THE FIRST BARBECUE OF THE SEASON
When I was growing up, boys weren’t given names like Conor or Jason or Chase or Tyler or Maddox – the kinds of names my daughters rattle off as they chatter on the phone with their friends, debating who likes whom and whether this one is cuter than that one. We were all Johns and Williams and Davids and Roberts and Michaels and Richards – names squarely in the American canon, names that we shared with our fathers or uncles or cousins. Presidents had these names. They were familiar, reliable, masculine.
Even Patrick was considered a little bit exotic, because of course Pat could be either a boy’s name or a girl’s, a fact that wasn’t lost on one of my classmates who seemed to have been inexplicably listed on the official school roster as Patricia; a mistake that apparently went uncorrected year after year, as if the teachers had decided to hold onto a private joke at his expense.
And if somebody was called Chip or Skip or Toby -- well, you knew it wasn’t his real name, just a nickname that he’d been stuck with, probably as a toddler, either as an endearment or to distinguish him from a relative or another one of the boys on the block.
Parents of girls seemed to take a little more latitude in naming, and so there was the occasional Heather or Flora mixed in with the Donnas and Bettys and Carols and Annes and Lindas. But nothing even remotely like the myriad Brittanys and Ashleighs and Chiarras and Madisons that populate the pages of my daughters’ yearbooks. The priests wouldn’t have baptised children with names like the ones given out today. They had to be saints’ names, and preferably ones that didn’t need to be looked up in a book to verify them.

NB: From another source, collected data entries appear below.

Lemma distant_pt_elem_mxM t (M : 'M[R]_2) :
  mx_invertible M -> distant (pt M) (pt (elem_mx t *m M)).
Proof.
move=> hM.
exists (M i0 i0), (M i0 i1), ((elem_mx t *m M) i0 i0), ((elem_mx t *m M) i0 i1).
split; first by exists (M i1 i0), (M i1 i1); rewrite -mx2_eta.
split; first exists ((elem_mx t *m M) i1 i0), ((elem_mx t *m M) i1 i1).
  by rewrite -mx2_eta; apply: mx_invertibleM (elem_mx_invertible t) hM.
do 2 split => //.
have -> : mx2 (M i0 i0) (M i0 i1) ((elem_mx t *m M) i0 i0) ((elem_mx t *m M) i0 i1)
          = mx2 1 0 t 1 *m M.
  apply/matrixP => i j; rewrite !mulmx2E !mxE.
  by case: (ord2P i) => ->; case: (ord2P j) => ->; rewrite /= ?mul1r ?mul0r ?addr0 ?add0r.
apply: mx_invertibleM _ hM; apply/mx2_invertibleP; exists 1, 0, (-t), 1; split; split;
  by rewrite ?mul0r ?mulr0 ?mul1r ?mulr1 ?add0r ?addr0 ?mulrN ?mulNr ?addNr ?addrN.
Qed.

Lemma path_len0 (S : R * R -> Prop) : path_len 0 S S.
Proof. by exists (fun _ => S). Qed.

Lemma path_lenS n (S T U : R * R -> Prop) :
  path_len n S T -> distant T U -> path_len n.+1 S U.
Proof.
move=> [s [s0 [sn hs]]] hTU.
exists (fun i => if i == n.+1 then U else s i); rewrite /= eqxx; do 2 split => //.
move=> i hi; rewrite eqSS; case: (eqVneq i n) => [->|hin].
  by rewrite (ltn_eqF (ltnSn n)) sn.
rewrite (ltn_eqF hi); apply: hs; lia.
Qed.

Lemma path_len_rev n (S T : R * R -> Prop) : path_len n S T -> path_len n T S.
Proof.
move=> [s [s0 [sn hs]]]; exists (fun i => s (n - i)%N); rewrite subn0 subnn.
split => //; split => // i hi; apply: distant_sym.
have -> : (n - i = (n - i.+1).+1)%N by lia.
apply: hs; lia.
Qed.

Lemma path_len_cat n m (S T U : R * R -> Prop) :
  path_len n S T -> path_len m T U -> path_len (n + m) S U.
Proof.
elim: m U => [|m IH] U; first by rewrite addn0 => h [s [s0 [sm _]]]; rewrite -sm s0.
move=> hST [s [s0 [sm hs]]].
have hTs : path_len m T (s m) by exists s; split => //; split => // i hi; apply: hs; lia.
by rewrite addnS; apply: path_lenS (IH _ hST hTs) _; rewrite -sm; apply: hs.
Qed.
Lemma radius_le_of_subset (D E : ball) : 0 <= radius D ->
  (forall x, in_ball D x -> in_ball E x) -> radius D <= radius E.
Proof.
  intros Hr Hsub.
  destruct D as [[[c1 c2] c3] r]; cbn [radius] in *.
  assert (Hsqrt : forall a, a * a = r * r -> sqrt (a * a + (c2 - c2) * (c2 - c2) + (c3 - c3) * (c3 - c3)) = r).
  { intros a Ha; rewrite <- (sqrt_square r Hr); f_equal; lra. }
  assert (Hplus : in_ball E (c1 + r, c2, c3))
    by (apply Hsub; unfold in_ball, dist3; cbn; rewrite Hsqrt; [lra|ring]).
  assert (Hminus : in_ball E (c1 - r, c2, c3))
    by (apply Hsub; unfold in_ball, dist3; cbn; rewrite Hsqrt; [lra|ring]).
  assert (Hdiam : dist3 (c1 + r, c2, c3) (c1 - r, c2, c3) = 2 * r).
  { unfold dist3; rewrite <- (sqrt_square (2 * r)) by lra; f_equal; ring. }
  unfold in_ball in *.
  pose proof (dist3_triangle (c1 + r, c2, c3) (center E) (c1 - r, c2, c3)).
  rewrite (dist3_sym (center E)) in H; lra.
Qed.

Lemma three_vectors_pairwise_obtuse (u v w : point) (a b c : R) :
  0 < a -> 0 < b -> 0 < c ->
  dot u u <= a * a -> dot v v <= b * b -> dot w w <= c * c ->
  2 * dot u v < - (a * b) -> 2 * dot u w < - (a * c) -> 2 * dot v w < - (b * c) -> False.
Proof.
  intros Ha Hb Hc Hu Hv Hw Huv Huw Hvw.
  pose proof (dot_self_ge0 (vadd (vadd (vscale (b * c) u) (vscale (a * c) v)) (vscale (a * b) w)))
    as Hz.
  replace (dot _ _) with ((b * c) * (b * c) * dot u u + (a * c) * (a * c) * dot v v
      + (a * b) * (a * b) * dot w w
      + (a * b * c) * (c * (2 * dot u v) + b * (2 * dot u w) + a * (2 * dot v w))) in Hz
    by (destruct u as [[u1 u2] u3]; destruct v as [[v1 v2] v3]; destruct w as [[w1 w2] w3];
        cbn; ring).
  assert (Habc : 0 < a * b * c) by (repeat apply Rmult_lt_0_compat; lra).
  assert (c * (2 * dot u v) + b * (2 * dot u w) + a * (2 * dot v w) < - 3 * (a * b * c)) by nra.
  assert (Hbound : forall k x r, 0 <= k -> x <= r * r -> k * k * x <= (k * r) * (k * r)).
  { intros k x r Hk Hx; replace ((k * r) * (k * r)) with (k * k * (r * r)) by ring.
    apply Rmult_le_compat_l; nra. }
  pose proof (Hbound (b * c) _ a ltac:(nra) Hu).
  pose proof (Hbound (a * c) _ b ltac:(nra) Hv).
  pose proof (Hbound (a * b) _ c ltac:(nra) Hw).
  replace (b * c * a) with (a * b * c) in * by ring.
  replace (a * c * b) with (a * b * c) in * by ring.
  nra.
Qed.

When did the rules about names change? Or did they change with every generation? After all, my parents had friends with names like Gladys and Bertrand and Edna and Rudy and Fanny, names that would have been the cause of great hilarity in my elementary school classroom. And I recently received a baptism announcement for a Clara Evangeline, a pair of names that seem to me very old-fashioned, like something from the Civil War era.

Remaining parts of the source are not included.